AVAILABLE DATA:
Lemma sumR_le k f h : (forall i, (i < k)%nat -> f i <= h i) -> sumR k f <= sumR k h.
Proof.
  induction k as [|k IH]; simpl; intros H; [lra|].
  apply Rplus_le_compat; [apply IH; intros; apply H|apply H]; lia.
Qed.

Lemma sumR_const k c : sumR k (fun _ => c) = INR k * c.
Proof. induction k as [|k IH]; simpl sumR; [simpl; lra|]. rewrite S_INR; lra. Qed.

Lemma sumR_nonneg k f : (forall i, (i < k)%nat -> 0 <= f i) -> 0 <= sumR k f.
Proof.
  intros H. apply Rle_trans with (sumR k (fun _ => 0)).
  - rewrite sumR_const; lra.
  - apply sumR_le, H.
Qed.

Lemma sumR_le_const k f c : (forall i, (i < k)%nat -> f i <= c) -> sumR k f <= INR k * c.
Proof. intros H. rewrite <- sumR_const. apply sumR_le, H. Qed.

Lemma sumR_scal k a f : sumR k (fun i => a * f i) = a * sumR k f.
Proof. induction k; simpl; lra. Qed.

Lemma sumR_plus k f h : sumR k (fun i => f i + h i) = sumR k f + sumR k h.
Proof. induction k; simpl; lra. Qed.

Lemma sumR_abs k f : Rabs (sumR k f) <= sumR k (fun i => Rabs (f i)).
Proof.
  induction k as [|k IH]; simpl; [rewrite Rabs_R0; lra|].
  eapply Rle_trans; [apply Rabs_triang|lra].
Qed.

Lemma sumR_term k f i : (forall j, (j < k)%nat -> 0 <= f j) -> (i < k)%nat -> f i <= sumR k f.
Proof.
  induction k as [|k IH]; intros H Hi; [lia|]. simpl.
  assert (0 <= f k) by (apply H; lia).
  destruct (Nat.eq_dec i k) as [->|Hik].
  - assert (0 <= sumR k f) by (apply sumR_nonneg; intros; apply H; lia). lra.
  - assert (f i <= sumR k f) by (apply IH; [intros; apply H|]; lia). lra.
Qed.

Lemma sumR_double n f :
  sumR (2 * n) f = sumR n (fun j => f (2 * j)%nat + f (2 * j + 1)%nat).
Proof.
  induction n as [|n IH]; [reflexivity|].
  replace (2 * S n)%nat with (S (S (2 * n))) by lia.
  change (sumR (2 * n) f + f (2 * n)%nat + f (S (2 * n))
          = sumR n (fun j => f (2 * j)%nat + f (2 * j + 1)%nat) + (f (2 * n)%nat + f (2 * n + 1)%nat)).
  rewrite IH. replace (S (2 * n)) with (2 * n + 1)%nat by lia. lra.
Qed.

(** * Euclidean geometry of [R^m] *)

Lemma dot_sym m x y : dot m x y = dot m y x.
Proof. apply sumR_ext. intros; ring. Qed.

Lemma dot_self_nonneg m x : 0 <= dot m x x.
Proof. apply sumR_nonneg. intros; nra. Qed.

DIRECTIONS FOR THIS TASK: Restate word for word the lines above, beginning with the one that contains "destruct (Nat.eq_dec i k) as [->|Hik]." and ending with the last line.

EXERCISE RESULT:
  destruct (Nat.eq_dec i k) as [->|Hik].
  - assert (0 <= sumR k f) by (apply sumR_nonneg; intros; apply H; lia). lra.
  - assert (f i <= sumR k f) by (apply IH; [intros; apply H|]; lia). lra.
Qed.

Lemma sumR_double n f :
  sumR (2 * n) f = sumR n (fun j => f (2 * j)%nat + f (2 * j + 1)%nat).
Proof.
  induction n as [|n IH]; [reflexivity|].
  replace (2 * S n)%nat with (S (S (2 * n))) by lia.
  change (sumR (2 * n) f + f (2 * n)%nat + f (S (2 * n))
          = sumR n (fun j => f (2 * j)%nat + f (2 * j + 1)%nat) + (f (2 * n)%nat + f (2 * n + 1)%nat)).
  rewrite IH. replace (S (2 * n)) with (2 * n + 1)%nat by lia. lra.
Qed.

(** * Euclidean geometry of [R^m] *)

Lemma dot_sym m x y : dot m x y = dot m y x.
Proof. apply sumR_ext. intros; ring. Qed.

Lemma dot_self_nonneg m x : 0 <= dot m x x.
Proof. apply sumR_nonneg. intros; nra. Qed.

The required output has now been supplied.